__PROBLEM TO WORK ON__.
Scan the lines below for the string "reta" and copy every one that has it.

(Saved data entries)
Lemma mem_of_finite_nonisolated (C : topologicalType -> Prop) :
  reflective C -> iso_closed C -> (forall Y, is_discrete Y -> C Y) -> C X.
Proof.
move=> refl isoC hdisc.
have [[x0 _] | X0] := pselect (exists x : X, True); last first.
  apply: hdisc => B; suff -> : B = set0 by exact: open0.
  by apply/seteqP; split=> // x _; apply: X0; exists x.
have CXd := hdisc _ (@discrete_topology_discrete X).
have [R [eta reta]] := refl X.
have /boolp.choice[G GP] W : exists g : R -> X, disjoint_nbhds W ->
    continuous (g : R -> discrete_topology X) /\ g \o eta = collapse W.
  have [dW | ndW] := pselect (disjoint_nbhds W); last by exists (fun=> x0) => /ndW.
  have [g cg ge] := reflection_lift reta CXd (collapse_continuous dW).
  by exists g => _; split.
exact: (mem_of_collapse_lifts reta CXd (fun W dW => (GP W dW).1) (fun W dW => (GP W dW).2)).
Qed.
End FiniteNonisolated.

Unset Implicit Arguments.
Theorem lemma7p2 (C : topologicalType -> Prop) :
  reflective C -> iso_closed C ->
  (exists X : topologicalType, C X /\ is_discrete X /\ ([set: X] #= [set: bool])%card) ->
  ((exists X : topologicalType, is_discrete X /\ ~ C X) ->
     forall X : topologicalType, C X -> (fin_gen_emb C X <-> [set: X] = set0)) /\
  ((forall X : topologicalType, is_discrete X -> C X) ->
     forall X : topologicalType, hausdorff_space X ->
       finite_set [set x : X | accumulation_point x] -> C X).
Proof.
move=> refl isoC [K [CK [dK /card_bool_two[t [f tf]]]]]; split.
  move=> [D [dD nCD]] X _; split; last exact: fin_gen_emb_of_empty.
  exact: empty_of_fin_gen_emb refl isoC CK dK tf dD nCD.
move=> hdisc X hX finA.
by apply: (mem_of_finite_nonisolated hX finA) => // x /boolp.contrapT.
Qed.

==

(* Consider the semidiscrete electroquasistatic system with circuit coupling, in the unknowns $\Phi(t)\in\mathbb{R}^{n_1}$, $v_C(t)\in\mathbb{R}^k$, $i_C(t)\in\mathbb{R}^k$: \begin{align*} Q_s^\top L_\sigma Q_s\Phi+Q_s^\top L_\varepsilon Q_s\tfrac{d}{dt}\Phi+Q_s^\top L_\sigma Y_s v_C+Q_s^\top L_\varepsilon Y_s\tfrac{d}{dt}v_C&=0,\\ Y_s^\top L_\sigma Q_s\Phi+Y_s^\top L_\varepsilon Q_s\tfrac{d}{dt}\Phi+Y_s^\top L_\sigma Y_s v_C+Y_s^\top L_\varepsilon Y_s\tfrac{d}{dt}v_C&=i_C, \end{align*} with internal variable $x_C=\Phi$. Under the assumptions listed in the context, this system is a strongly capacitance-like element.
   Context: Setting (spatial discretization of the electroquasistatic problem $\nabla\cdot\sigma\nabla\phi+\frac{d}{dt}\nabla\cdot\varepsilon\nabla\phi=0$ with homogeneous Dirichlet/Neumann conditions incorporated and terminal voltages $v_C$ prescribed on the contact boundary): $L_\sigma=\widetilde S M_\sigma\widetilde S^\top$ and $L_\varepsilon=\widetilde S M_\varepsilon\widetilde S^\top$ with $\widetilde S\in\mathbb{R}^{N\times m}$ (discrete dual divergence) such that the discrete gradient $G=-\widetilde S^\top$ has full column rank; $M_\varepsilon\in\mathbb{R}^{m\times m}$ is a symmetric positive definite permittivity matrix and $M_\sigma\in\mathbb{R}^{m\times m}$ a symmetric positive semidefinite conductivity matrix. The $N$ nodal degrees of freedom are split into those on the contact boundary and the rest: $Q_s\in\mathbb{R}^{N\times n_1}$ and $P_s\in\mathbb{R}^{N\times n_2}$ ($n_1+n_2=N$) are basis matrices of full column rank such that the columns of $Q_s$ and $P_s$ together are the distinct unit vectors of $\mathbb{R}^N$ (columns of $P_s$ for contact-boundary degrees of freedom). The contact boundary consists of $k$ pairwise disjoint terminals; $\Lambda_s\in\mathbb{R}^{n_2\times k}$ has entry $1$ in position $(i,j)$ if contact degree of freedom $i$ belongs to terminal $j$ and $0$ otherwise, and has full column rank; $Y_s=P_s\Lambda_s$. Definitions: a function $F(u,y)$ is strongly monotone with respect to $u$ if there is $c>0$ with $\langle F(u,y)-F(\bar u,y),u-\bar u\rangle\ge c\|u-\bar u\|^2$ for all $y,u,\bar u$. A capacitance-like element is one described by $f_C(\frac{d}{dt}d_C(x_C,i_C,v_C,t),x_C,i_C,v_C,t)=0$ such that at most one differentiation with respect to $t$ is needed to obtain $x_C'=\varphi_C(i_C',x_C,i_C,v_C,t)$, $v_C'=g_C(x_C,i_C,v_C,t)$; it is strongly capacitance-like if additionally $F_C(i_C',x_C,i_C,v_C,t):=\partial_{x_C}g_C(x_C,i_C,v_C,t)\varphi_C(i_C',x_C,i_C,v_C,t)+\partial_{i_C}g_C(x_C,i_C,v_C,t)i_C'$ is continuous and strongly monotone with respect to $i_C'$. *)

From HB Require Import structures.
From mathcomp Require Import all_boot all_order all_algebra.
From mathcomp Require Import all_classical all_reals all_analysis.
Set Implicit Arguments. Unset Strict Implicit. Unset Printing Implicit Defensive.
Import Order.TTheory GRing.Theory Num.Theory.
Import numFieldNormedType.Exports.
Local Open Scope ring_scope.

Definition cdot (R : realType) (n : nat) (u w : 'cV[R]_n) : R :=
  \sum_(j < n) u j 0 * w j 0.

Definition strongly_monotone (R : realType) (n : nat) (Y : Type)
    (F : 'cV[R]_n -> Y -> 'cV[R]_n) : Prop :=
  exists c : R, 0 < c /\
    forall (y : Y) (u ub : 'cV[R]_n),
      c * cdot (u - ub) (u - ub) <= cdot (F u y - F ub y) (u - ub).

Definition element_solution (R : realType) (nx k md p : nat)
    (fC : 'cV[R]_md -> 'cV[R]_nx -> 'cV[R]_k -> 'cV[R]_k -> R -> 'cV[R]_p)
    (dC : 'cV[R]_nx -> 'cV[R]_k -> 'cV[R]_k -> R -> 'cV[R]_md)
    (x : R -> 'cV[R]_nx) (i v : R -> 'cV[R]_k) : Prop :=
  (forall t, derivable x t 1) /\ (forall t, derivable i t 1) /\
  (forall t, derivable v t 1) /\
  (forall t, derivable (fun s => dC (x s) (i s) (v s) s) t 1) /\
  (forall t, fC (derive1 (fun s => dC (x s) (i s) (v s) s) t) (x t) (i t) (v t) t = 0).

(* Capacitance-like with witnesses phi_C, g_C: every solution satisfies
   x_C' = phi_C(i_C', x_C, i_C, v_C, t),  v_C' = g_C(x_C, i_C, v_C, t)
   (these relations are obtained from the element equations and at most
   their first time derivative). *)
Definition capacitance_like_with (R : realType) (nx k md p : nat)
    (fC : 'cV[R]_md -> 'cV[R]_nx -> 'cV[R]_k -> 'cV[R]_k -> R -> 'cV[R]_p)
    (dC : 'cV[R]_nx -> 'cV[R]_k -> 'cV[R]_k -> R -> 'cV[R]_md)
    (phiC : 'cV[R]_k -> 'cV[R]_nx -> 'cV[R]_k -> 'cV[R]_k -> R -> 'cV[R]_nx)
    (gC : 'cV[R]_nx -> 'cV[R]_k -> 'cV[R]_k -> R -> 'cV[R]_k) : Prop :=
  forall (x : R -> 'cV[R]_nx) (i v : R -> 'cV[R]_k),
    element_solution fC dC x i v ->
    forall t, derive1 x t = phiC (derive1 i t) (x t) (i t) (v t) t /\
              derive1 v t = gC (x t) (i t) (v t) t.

__TASK SOLUTION__.
have [R [eta reta]] := refl X.
  have [g cg ge] := reflection_lift reta CXd (collapse_continuous dW).
exact: (mem_of_collapse_lifts reta CXd (fun W dW => (GP W dW).1) (fun W dW => (GP W dW).2)).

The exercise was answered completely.